Tout se tient, et si le gouvernement est si peu fixé dans les affaires de finances, c’est qu’il n’est pas bien sûr de ce qu’il peut ni même de ce qu’il veut dans sa politique, c’est qu’il se sent pris dans une situation dont il ne méconnaît pas la gravité, mais à laquelle il n’a pour le moment à opposer que des paroles. Il a une certaine tentation de vouloir quelque chose, il met de bonnes intentions dans, son programme : l’embarras, pour lui, est de faire passer ses intentions dans ses actes, dans son attitude, dans la direction de sa politique. Il ne peut échapper à une sorte de contradiction permanente qui éclate un peu partout, sous toutes les formes, qui tient à la division ou à la confusion des conseils et des idées.

Que peut-on croire ? Le ministère, qui a omis un certain nombre de questions délicates dans sa déclaration, a cru néanmoins utile de dire qu’il était temps d’en finir avec l’éternelle réforme judiciaire et qu’il croirait obéir au vœu du pays en présentant à son tour ses vues sur ce sujet. Ces vues n’ont probablement rien d’extrême. Le gouvernement n’est pas pour l’élection des juges ; il ne doit pas ignorer, puisqu’il parle si souvent de l’ordre, qu’une des conditions de cet ordre est d’avoir une magistrature indépendante, et au fond il n’est pas opposé au principe de l’inamovibilité. Qu’en est-il cependant en pratique ? M. le garde des sceaux a, paraît-il, en réserve un projet qui ne serait tout simplement qu’une suppression subreptice et mesquine de l’inamovibilité, qui, en permettant des épurations nouvelles, laisserait les juges à la discrétion et merci de tout ministre de passage à la chancellerie. M. le ministre de l’instruction publique, de son côté, fait des circulaires pour recommander aux préfets la modération et la prudence au sujet de l’enlèvement des emblèmes religieux et crucifix placés jusqu’ici dans les écoles. Il ne veut, dit-il, rien qui ressemble à une « croisade iconoclaste, » à une guerre aux croyances des familles. Fort bien ! Pendant ce temps, le nouveau préfet de la Seine, à peine arrivé à son poste, à la première sommation du conseil municipal de Paris, se hâte d’entrer en campagne et revient en triomphe avec quelques malheureux crucifix enlevés dans deux ou trois écoles. Que faire ? le conseil municipal l’a voulu ! M. le président de la république lui-même reçoit, ces jours passés, à l’Elysée un nouveau nonce pontifical, Mgr di Rende, et, dans cette audience, il parle avec cordialité des intérêts religieux, des rapports de la France et du saint-siège. C’est le langage officiel ; mais en même temps, dans tout ce monde républicain, auquel le gouvernement demande une majorité qui ne soit pas « accidentelle, » c’est une sorte de déchaînement fébrile et puéril contre tout ce qui est religieux, contre les évêques, contre les traitemens et subventions ecclésiastiques, contre le budget des cultes. Il s’est même trouvé hier dans la chambre une majorité, — on ne sait pas si elle est « accidentelle » cette fois, — qui a supprimé à peu près le traitement de M. l’archevêque de Paris. Il est vrai qu’elle a défait un instant après ce qu’elle venait de faire et qu’on ne sait plus ce qu’on a voté.
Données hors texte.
Lemma lower_direction z : in_spindle z -> (dim (zeros z) < k)%N ->
  exists w, [/\ forall i, i \in zeros z -> 0 <= phi i w,
              zeros y \subset tight G (zeros z) w
            & dim (tight G (zeros z) w) = (dim (zeros z)).+1].
Proof.
move=> Sz lt_k; set T := zeros z; set U := annih G (zeros y).
have yT := zeros_top_sub Sz.
pose h := G *m \col_i (i \in T)%:R.
have yK : in_cone G U T y.
  by split=> [|i _]; [apply/sub_annihP => i; rewrite inE => /eqP | apply: Gy_ge0].
have hy_gt0 : 0 < (y *m h) 0 0.
  rewrite mulmx_row_indicator lt_def sumr_ge0 ?andbT //.
  apply: contraTneq lt_k => /psumr_eq0P y0; rewrite -leqNgt; apply/mxrankS/annihS.
  by apply/subsetP => i iT; rewrite inE y0.
have [w [[wU w_ge0] hw_gt0 rank_le]] := extreme_ray yK hy_gt0.
have yTw : zeros y \subset tight G T w.
  apply/subsetP => i iy; rewrite inE (subsetP yT i iy) /=.
  by apply/eqP; move/sub_annihP: wU; apply.
exists w; split => //; apply/eqP; rewrite eqn_leq; apply/andP; split.
  apply: leq_trans (leq_trans rank_le _); last by rewrite ltnS mxrankS ?capmxSr.
  by apply: mxrankS; rewrite sub_capmx submx_refl andbT annihS.
apply: (rank_annih_lt (tight_sub _ _ _) (w := w)).
  by apply/sub_annihP => i; rewrite inE => /andP[_ /eqP].
apply: contraTN hw_gt0 => /sub_annihP w0.
by rewrite mulmx_row_indicator big1 ?ltxx.
Qed.

Lemma lower_step z : in_spindle z -> (dim (zeros z) < k)%N ->
  exists z', [/\ in_spindle z', zeros z' \subset zeros z
              & dim (zeros z') = (dim (zeros z)).+1].
Proof.
move=> Sz lt_k; have [w [w_ge0 yTw dim_Tw]] := lower_direction Sz lt_k.
set T := zeros z in w_ge0 yTw dim_Tw *; set Tw := tight G T w in yTw dim_Tw *.
pose z' t := 2^-1 *: z + t *: w.
have z'E t i : phi i (z' t) = phi i z / 2 + t * phi i w.
  by rewrite mulmx_rowD !mulmx_rowZ mulrC.
have [t t_gt0 small_ok] : exists2 t, 0 < t & forall t', 0 < t' -> t' <= t -> forall i,
    0 <= phi i (z' t') <= phi i y /\ (phi i (z' t') == 0) = (i \in Tw).
  apply: small_enough_all => i; have /andP[z_ge0 z_le] := Sz i.
  have [iT|iT] := boolP (i \in T); last first.
    have z_gt0 : 0 < phi i z by rewrite lt_def z_ge0 andbT; rewrite inE in iT.
    have [e e_gt0 near] := @perturb_in_interval R (phi i z / 2) (phi i z / 4) (phi i z)
      (phi i w) ltac:(lra) ltac:(lra).
    exists e => // t t_gt0 te; rewrite z'E; have /andP[lo hi] := near t t_gt0 te.
    split; first by apply/andP; split; lra.
    by rewrite (contraNF (subsetP (tight_sub _ _ _) i)) // gt_eqF //; lra.
  have z0 : phi i z = 0 by apply/eqP; rewrite inE in iT.
  have [iTw|iTw] := boolP (i \in Tw).
    have w0 : phi i w = 0 by move: iTw; rewrite inE => /andP[_ /eqP].
    by exists 1 => // t _ _; rewrite z'E z0 w0 mulr0 mul0r addr0 eqxx lexx Gy_ge0.
  have w_gt0 : 0 < phi i w by rewrite lt_def w_ge0 // andbT; rewrite inE iT in iTw.
  have y_gt0 : 0 < phi i y.
    by rewrite lt_def Gy_ge0 andbT; apply: contra iTw => y0; apply: (subsetP yTw); rewrite inE.
  exists (phi i y / phi i w); first by rewrite divr_gt0.
  move=> t t_gt0 te; rewrite z'E z0 mul0r add0r -ler_pdivlMr // te gt_eqF ?mulr_gt0 //.
  by rewrite ltW ?mulr_gt0.
have z'_ok := small_ok t t_gt0 (lexx t).
have zeros_z' : zeros (z' t) = Tw by apply/setP => i; rewrite inE; case: (z'_ok i).
exists (z' t); split; first by move=> i; case: (z'_ok i).
  by rewrite zeros_z' tight_sub.
by rewrite zeros_z'.
Qed.

Lemma lower_grade e z : in_spindle z -> (dim (zeros z) <= e <= k)%N ->
  exists p, [/\ in_spindle p, zeros p \subset zeros z & dim (zeros p) = e].
Proof.
move=> + /andP[]; have [N] := ubnP (e - dim (zeros z)).
elim: N z => // N IH z /ltnSE le_N Sz le_ze le_ek.
have [eq_ze|ne_ze] := eqVneq (dim (zeros z)) e; first by exists z.
have lt_ze : (dim (zeros z) < e)%N by rewrite ltn_neqAle ne_ze le_ze.
have [z' [Sz' sub_z' dim_z']] := lower_step Sz (leq_trans lt_ze le_ek).
have le_N' : (e - dim (zeros z') < N)%N.
  by apply: leq_trans le_N; rewrite dim_z' subnS prednK ?subn_gt0.
have [p [Sp sub_p dim_p]] := IH z' le_N' Sz' ltac:(by rewrite dim_z') le_ek.
by exists p; split => //; apply: subset_trans sub_z'.
Qed.

Lemma upper_grade e z : in_spindle z -> (dim (tops z) <= e <= k)%N ->
  exists p, [/\ in_spindle p, tops p \subset tops z & dim (tops p) = e].
Proof.
move=> Sz; rewrite tops_reflect => /(lower_grade (in_spindle_reflect Sz)).
case=> p [Sp sub_p dim_p]; exists (y - p).
by rewrite !tops_reflect subKr; split => //; apply: in_spindle_reflect.
Qed.

Definition vertex z := in_spindle z /\ dim (zeros z :|: tops z) = 0%N.

Lemma vertex0 : vertex 0.
Proof. by split; [exact: in_spindle0 | rewrite zeros0 setTU rank_annih_setT]. Qed.

Lemma vertex_inj z1 z2 : vertex z1 -> zeros z1 = zeros z2 -> tops z1 = tops z2 -> z1 = z2.
Proof.
case=> _ /eqP; rewrite mxrank_eq0 => /eqP ann0 eq_zeros eq_tops.
apply/eqP; rewrite -subr_eq0 -submx0 -ann0; apply/sub_annihP => i.
rewrite mulmx_rowB inE => /orP[] i1; have := i1; rewrite ?eq_zeros ?eq_tops => i2.
  by move: i1 i2; rewrite !inE => /eqP-> /eqP->; rewrite subrr.
by move: i1 i2; rewrite !inE => /eqP-> /eqP->; rewrite subrr.
Qed.

Local Notation height x := (\sum_i phi i x).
Il faut cependant sortir de là et en venir à plus de clarté dans les situations. Un républicain qui a été associé comme préfet de police à l’exécution des décrets contre les congrégations et qui était récemment ambassadeur à Madrid, M. Andrieux, n’a pas craint ces jours derniers de dire tout haut qu’il y avait un ralentissement sensible dans l’adhésion du pays à la république. Ce ralentissement est dû à bien des causes sans doute ; mais, dans tous les cas, comme l’a dit M. Andrieux, cette répugnante guerre de petits esprits contre les croyances religieuses n’est point certainement étrangère à l’immense lassitude de l’opinion. Eh bien ! le moment est venu de savoir si la déclaration lue l’autre jour par M. le président du conseil n’est qu’une banalité ou si elle signifie que le gouvernement a le sentiment de cette situation, qu’il est décidé à rétablir un peu d’ordre en France avec l’appui de tous ceux qui mettent la sauvegarde du pays bien au-dessus des intérêts et des passions de partis.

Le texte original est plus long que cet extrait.